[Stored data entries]
※ ※ ※
(* Let $\hat W$ be a first degree iMPO in regular form of bond dimension $\chi$, let $(\hat W_n)_{n\ge1}$ be generated from $\hat W_0:=\hat W$ by QR iteration with a positive rank-revealing QR ($(\hat Q_n,R_n)$ the block-respecting QR decomposition of $\hat W_{n-1}$, $\hat W_n:=R_n\hat Q_n$), and suppose the leading eigenvector $X$ of $T_V$ (left eigenvector $XT_V=X$ with $X_{00}=1$, $\hat V$ the upper-left $(1+\chi)\times(1+\chi)$ block of $\hat W$) is invertible. Then every $\hat W_n$ has the same bond dimension $\chi$ as $\hat W$.
   Context: $\mathcal A$ is the algebra of operators on $\mathbb C^q$ with inner product $\langle\hat A,\hat B\rangle=\mathrm{Tr}[\hat A^\dagger\hat B]/\mathrm{Tr}[\hat 1]$ and orthonormal basis $\{\hat O_\alpha\}$ with $\hat O_0=\hat 1$; $(W_\alpha)_{ab}=\langle\hat O_\alpha,\hat W_{ab}\rangle$ and the transfer matrix acts by $XT_W=\sum_\alpha W_\alpha^\dagger XW_\alpha$. An iMPO in regular form of bond dimension $\chi$ is a $(\chi+2)\times(\chi+2)$ matrix with entries in $\mathcal A$ of block form $\begin{pmatrix}\hat 1&\hat{\mathbf c}&\hat d\\0&\hat{\mathsf A}&\hat{\mathbf b}\\0&0&\hat 1\end{pmatrix}$ with upper-left block $\hat V=\begin{pmatrix}\hat 1&\hat{\mathbf c}\\0&\hat{\mathsf A}\end{pmatrix}$; first degree means all eigenvalues of $T_A$ have modulus $<1$. Block-respecting QR: $\hat V=\hat V'R'$ with $\hat V'=\begin{pmatrix}\hat 1&\hat{\mathbf c}'\\0&\hat{\mathsf A}'\end{pmatrix}$ having orthonormal columns and $R'=\begin{pmatrix}1&\mathbf t\\0&\mathsf R\end{pmatrix}$ upper triangular, and $\hat Q=\begin{pmatrix}\hat 1&\hat{\mathbf c}'&\hat d\\0&\hat{\mathsf A}'&\hat{\mathbf b}\\0&0&\hat 1\end{pmatrix}$, $R=\begin{pmatrix}1&\mathbf t&0\\0&\mathsf R&0\\0&0&1\end{pmatrix}$. Positive rank-revealing: viewing $\hat V$ as a complex $q^2(1+\chi)\times(1+\chi)$ matrix of column rank $1+\chi'$, $\hat V'$ has $1+\chi'$ columns and $R'$ has $1+\chi'$ rows, and if $\chi'=\chi$ then $R'$ has positive diagonal. *)

(* Conventions:
   - the scalar field is an abstract numClosedFieldType C (C = complex numbers
     is the intended instance);
   - an operator-valued matrix  hat M  with entries in the operator algebra A
     on C^q is represented by its components  M : 'I_(q^2) -> 'M[C]_(_,_)
     w.r.t. the fixed orthonormal basis {O_alpha}; component index alpha with
     val alpha = 0 corresponds to O_0 = identity;
   - an iMPO of bond dimension c is  W : 'I_(q^2) -> 'M[C]_(c.+2)  (size c+2);
     index 0 is the first block, indices 1..c the middle block, c+1 the last. *)
From HB Require Import structures.
From mathcomp Require Import all_boot all_order all_algebra.
Set Implicit Arguments. Unset Strict Implicit. Unset Printing Implicit Defensive.
Import Order.TTheory GRing.Theory Num.Theory.
Local Open Scope ring_scope.

Definition adjmx (C : numClosedFieldType) m n (A : 'M[C]_(m, n)) : 'M[C]_(n, m) :=
  (map_mx Num.conj A)^T.

(* component of the identity operator: <O_alpha, 1> = delta_{alpha 0} *)
Definition delta0 (C : numClosedFieldType) q (a : 'I_(q ^ 2)) : C :=
  (val a == 0%N)%:R.
Arguments delta0 {C q} a.

Definition transfer (C : numClosedFieldType) q k (M : 'I_(q ^ 2) -> 'M[C]_k)
  (X : 'M[C]_k) : 'M[C]_k :=
  \sum_(a : 'I_(q ^ 2)) adjmx (M a) *m X *m M a.

Definition regular_form (C : numClosedFieldType) q c
  (W : 'I_(q ^ 2) -> 'M[C]_(c.+2)) : Prop :=
  forall a : 'I_(q ^ 2),
  [/\ W a ord0 ord0 = delta0 a,
      W a ord_max ord_max = delta0 a,
      forall i : 'I_(c.+2), (0 < i)%N -> W a i ord0 = 0 &
      forall j : 'I_(c.+2), (j < c.+1)%N -> W a ord_max j = 0].

Definition Vblk (C : numClosedFieldType) q c (W : 'I_(q ^ 2) -> 'M[C]_(c.+2))
  (a : 'I_(q ^ 2)) : 'M[C]_(c.+1) :=
  \matrix_(i < c.+1, j < c.+1) W a (inord i) (inord j).

Definition Ablk (C : numClosedFieldType) q c (W : 'I_(q ^ 2) -> 'M[C]_(c.+2))
  (a : 'I_(q ^ 2)) : 'M[C]_c :=
  \matrix_(i < c, j < c) W a (inord i.+1) (inord j.+1).

Definition first_degree (C : numClosedFieldType) q c
  (W : 'I_(q ^ 2) -> 'M[C]_(c.+2)) : Prop :=
  forall (l : C) (X : 'M[C]_c),
    X != 0 -> transfer (Ablk W) X = l *: X -> `|l| < 1.

(* column rank of hat V viewed as a complex  q^2 m x n  matrix
   (the components stacked on top of each other) *)
Definition colrank (C : numClosedFieldType) q m n
  (V : 'I_(q ^ 2) -> 'M[C]_(m, n)) : nat :=
  \rank (@mxcol C (q ^ 2) (fun _ => m) n V).

Definition block_QR (C : numClosedFieldType) q c c'
  (V : 'I_(q ^ 2) -> 'M[C]_(c.+1))
  (V' : 'I_(q ^ 2) -> 'M[C]_(c.+1, c'.+1)) (R' : 'M[C]_(c'.+1, c.+1)) : Prop :=
  [/\ forall a, V a = V' a *m R',
      forall a, V' a ord0 ord0 = delta0 a /\
                (forall i : 'I_(c.+1), (0 < i)%N -> V' a i ord0 = 0),
      \sum_(a : 'I_(q ^ 2)) adjmx (V' a) *m V' a = 1%:M,
      R' ord0 ord0 = 1 &
      forall (i : 'I_(c'.+1)) (j : 'I_(c.+1)), (j < i)%N -> R' i j = 0].

Definition pos_rank_revealing (C : numClosedFieldType) q c c'
  (V : 'I_(q ^ 2) -> 'M[C]_(c.+1)) (R' : 'M[C]_(c'.+1, c.+1)) : Prop :=
  colrank V = c'.+1 /\
  (c' = c -> forall i : 'I_(c'.+1), 0 < R' i (inord i)).

(* hat Q = [[1, c', d], [0, A', b], [0, 0, 1]] *)
Definition Qfull (C : numClosedFieldType) q c c'
  (W : 'I_(q ^ 2) -> 'M[C]_(c.+2)) (V' : 'I_(q ^ 2) -> 'M[C]_(c.+1, c'.+1))
  (a : 'I_(q ^ 2)) : 'M[C]_(c.+2, c'.+2) :=
  \matrix_(i < c.+2, j < c'.+2)
    if (j < c'.+1)%N then
      (if (i < c.+1)%N then V' a (inord i) (inord j) else 0)
    else W a i ord_max.

(* R = [[R', 0], [0, 1]] *)
Definition Rfull (C : numClosedFieldType) c c' (R' : 'M[C]_(c'.+1, c.+1))
  : 'M[C]_(c'.+2, c.+2) :=
  \matrix_(i < c'.+2, j < c.+2)
    if (i < c'.+1)%N then
      (if (j < c.+1)%N then R' (inord i) (inord j) else 0)
    else (if (j == c.+1 :> nat) then 1 else 0).

Definition QR_step (C : numClosedFieldType) q c c'
  (W : 'I_(q ^ 2) -> 'M[C]_(c.+2)) (W' : 'I_(q ^ 2) -> 'M[C]_(c'.+2)) : Prop :=
  exists (V' : 'I_(q ^ 2) -> 'M[C]_(c.+1, c'.+1)) (R' : 'M[C]_(c'.+1, c.+1)),
    [/\ block_QR (Vblk W) V' R',
        pos_rank_revealing (Vblk W) R' &
        W' = fun a => Rfull R' *m Qfull W V' a].

(* An invertible fixed point X of T_V forces hat V to have full column rank:
   the block row (X^-1 V_a^dagger X)_a is a left inverse of the stacked V_a.
   Hence the rank-revealing QR keeps chi' = chi and R' is invertible, so the
   new upper-left block R' V' = R' V R'^-1 is similar to V, and
   R'^-dagger X R'^-1 is an invertible fixed point of its transfer matrix.
   The hypothesis therefore propagates along the whole QR iteration. *)
From HB Require Import structures.
From mathcomp Require Import all_boot all_order all_algebra.
From Stdlib Require Import FunctionalExtensionality.
Set Implicit Arguments. Unset Strict Implicit. Unset Printing Implicit Defensive.
Import Order.TTheory GRing.Theory Num.Theory.
Local Open Scope ring_scope.

Section TransferMatrix.
Variables (C : numClosedFieldType) (q : nat).

Lemma adjmxM m n p (A : 'M[C]_(m, n)) (B : 'M[C]_(n, p)) :
  adjmx (A *m B) = adjmx B *m adjmx A.
Proof. by rewrite /adjmx map_mxM trmx_mul. Qed.

Lemma adjmx1 n : adjmx (1%:M : 'M[C]_n) = 1%:M.
Proof. by rewrite /adjmx map_mx1 trmx1. Qed.

Lemma mulmx_adj_invmx n (P : 'M[C]_n) :
  P \in unitmx -> adjmx P *m adjmx (invmx P) = 1%:M.
Proof. by move=> uP; rewrite -adjmxM mulVmx // adjmx1. Qed.

Definition has_unit_fixpoint n (V : 'I_(q ^ 2) -> 'M[C]_n) : Prop :=
  exists X : 'M[C]_n, transfer V X = X /\ X \in unitmx.

Lemma colrank_full_of_unit_fixpoint n (V : 'I_(q ^ 2) -> 'M[C]_n) :
  has_unit_fixpoint V -> colrank V = n.
Proof.
case=> X [fixX uX]; apply/eqP; rewrite eqn_leq rank_leq_col /colrank.
have left_inv : \mxrow_a (invmx X *m adjmx (V a) *m X)
    *m @mxcol C (q ^ 2) (fun _ => n) n V = 1%:M.
  rewrite mul_mxrow_mxcol.
  under eq_bigr do rewrite -!mulmxA.
  rewrite -mulmx_sumr.
  under eq_bigr do rewrite mulmxA.
  by rewrite -/(transfer V X) fixX mulVmx.
by rewrite -{1}(mxrank1 C n) -left_inv mxrankM_maxr.
Qed.

Lemma colrank_mulmxr m n (V : 'I_(q ^ 2) -> 'M[C]_(m, n)) (R : 'M[C]_n) :
  (colrank (fun a => V a *m R) <= \rank R)%N.
Proof. by rewrite /colrank -mxcol_mul mxrankM_maxr. Qed.

Lemma unitmx_of_full_colrank n (V V' : 'I_(q ^ 2) -> 'M[C]_n) (R : 'M[C]_n) :
  (forall a, V a = V' a *m R) -> colrank V = n -> R \in unitmx.
Proof.
move=> defV fullV; rewrite -row_free_unit /row_free eqn_leq rank_leq_col.
by rewrite -{1}fullV (functional_extensionality _ _ defV) colrank_mulmxr.
Qed.

Lemma transfer_conj n (V : 'I_(q ^ 2) -> 'M[C]_n) (P X : 'M[C]_n) :
  P \in unitmx ->
  transfer (fun a => P *m V a *m invmx P) (adjmx (invmx P) *m X *m invmx P)
  = adjmx (invmx P) *m transfer V X *m invmx P.
Proof.
move=> uP; rewrite /transfer mulmx_sumr mulmx_suml; apply: eq_bigr=> a _.
rewrite !adjmxM !mulmxA -[_ *m adjmx P *m _]mulmxA mulmx_adj_invmx // mulmx1.
by rewrite -[_ *m invmx P *m P]mulmxA mulVmx // mulmx1.
Qed.

Lemma has_unit_fixpoint_conj n (V : 'I_(q ^ 2) -> 'M[C]_n) (P : 'M[C]_n) :
  P \in unitmx -> has_unit_fixpoint V ->
  has_unit_fixpoint (fun a => P *m V a *m invmx P).
Proof.
move=> uP [X [fixX uX]]; exists (adjmx (invmx P) *m X *m invmx P).
rewrite transfer_conj // fixX; split=> //.
rewrite !unitmx_mul uX unitmx_inv uP !andbT.
have uPinv : invmx P \in unitmx by rewrite unitmx_inv.
by have [] := mulmx1_unit (mulmx_adj_invmx uPinv).
Qed.

End TransferMatrix.

Lemma Vblk_mul_Rfull_Qfull (C : numClosedFieldType) q c c'
  (W : 'I_(q ^ 2) -> 'M[C]_(c.+2)) (V' : 'I_(q ^ 2) -> 'M[C]_(c.+1, c'.+1))
  (R' : 'M[C]_(c'.+1, c.+1)) a :
  Vblk (fun a => Rfull R' *m Qfull W V' a) a = R' *m V' a.
Proof.
apply/matrixP=> i j; rewrite !mxE big_ord_recr /=.
have vi : nat_of_ord (inord i : 'I_(c'.+2)) = i by rewrite inordK // ltnS ltnW.
have vj : nat_of_ord (inord j : 'I_(c'.+2)) = j by rewrite inordK // ltnS ltnW.
rewrite !mxE vi vj ltn_ord /= ltnn mul0r addr0.
by apply: eq_bigr=> k _; rewrite !mxE /= vi vj !ltn_ord !inord_val.
Qed.

Lemma QR_step_unit_fixpoint (C : numClosedFieldType) q c c'
  (W : 'I_(q ^ 2) -> 'M[C]_(c.+2)) (W' : 'I_(q ^ 2) -> 'M[C]_(c'.+2)) :
  QR_step W W' -> has_unit_fixpoint (Vblk W) ->
  c' = c /\ has_unit_fixpoint (Vblk W').
Proof.
case=> V' [R' [[defV _ _ _ _] [rankV _] ->]] fixW.
have fullV := colrank_full_of_unit_fixpoint fixW.
have eq_c : c' = c by move: rankV; rewrite fullV => -[].
subst c'; split=> //.
have uR := unitmx_of_full_colrank defV fullV.
have -> : Vblk (fun a => Rfull R' *m Qfull W V' a)
          = fun a => R' *m Vblk W a *m invmx R'.
  by apply: functional_extensionality=> a; rewrite Vblk_mul_Rfull_Qfull defV mulmxA mulmxK.
exact: has_unit_fixpoint_conj.
Qed.

Theorem lemma8 (C : numClosedFieldType) (q c : nat) (hq : (0 < q)%N)
  (W : 'I_(q ^ 2) -> 'M[C]_(c.+2)) :
  regular_form W ->
  first_degree W ->
  (exists X : 'M[C]_(c.+1),
      [/\ transfer (Vblk W) X = X, X ord0 ord0 = 1 & X \in unitmx]) ->
  forall Ws : nat -> {c' : nat & 'I_(q ^ 2) -> 'M[C]_(c'.+2)},
    Ws 0%N = existT _ c W ->
    (forall n : nat, QR_step (projT2 (Ws n)) (projT2 (Ws n.+1))) ->
    forall n : nat, projT1 (Ws n) = c.
Proof.
move=> _ _ [X [fixX _ uX]] Ws Ws0 stepWs.
suff inv n : projT1 (Ws n) = c /\ has_unit_fixpoint (Vblk (projT2 (Ws n))).
  by move=> n; case: (inv n).
elim: n => [|n [dim_n fixWn]]; first by rewrite Ws0; split=> //; exists X.
have [dim_n1 fixWn1] := QR_step_unit_fixpoint (stepWs n) fixWn.
by split=> //; rewrite dim_n1.
Qed.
※ ※ ※
Look through the data above and return exactly the lines from the one that contains "(R' : 'M[C]_(c'.+1, c.+1)) a" to the one that contains "first_degree W ->", inclusive, with nothing else.

  (R' : 'M[C]_(c'.+1, c.+1)) a :
  Vblk (fun a => Rfull R' *m Qfull W V' a) a = R' *m V' a.
Proof.
apply/matrixP=> i j; rewrite !mxE big_ord_recr /=.
have vi : nat_of_ord (inord i : 'I_(c'.+2)) = i by rewrite inordK // ltnS ltnW.
have vj : nat_of_ord (inord j : 'I_(c'.+2)) = j by rewrite inordK // ltnS ltnW.
rewrite !mxE vi vj ltn_ord /= ltnn mul0r addr0.
by apply: eq_bigr=> k _; rewrite !mxE /= vi vj !ltn_ord !inord_val.
Qed.

Lemma QR_step_unit_fixpoint (C : numClosedFieldType) q c c'
  (W : 'I_(q ^ 2) -> 'M[C]_(c.+2)) (W' : 'I_(q ^ 2) -> 'M[C]_(c'.+2)) :
  QR_step W W' -> has_unit_fixpoint (Vblk W) ->
  c' = c /\ has_unit_fixpoint (Vblk W').
Proof.
case=> V' [R' [[defV _ _ _ _] [rankV _] ->]] fixW.
have fullV := colrank_full_of_unit_fixpoint fixW.
have eq_c : c' = c by move: rankV; rewrite fullV => -[].
subst c'; split=> //.
have uR := unitmx_of_full_colrank defV fullV.
have -> : Vblk (fun a => Rfull R' *m Qfull W V' a)
          = fun a => R' *m Vblk W a *m invmx R'.
  by apply: functional_extensionality=> a; rewrite Vblk_mul_Rfull_Qfull defV mulmxA mulmxK.
exact: has_unit_fixpoint_conj.
Qed.

Theorem lemma8 (C : numClosedFieldType) (q c : nat) (hq : (0 < q)%N)
  (W : 'I_(q ^ 2) -> 'M[C]_(c.+2)) :
  regular_form W ->
  first_degree W ->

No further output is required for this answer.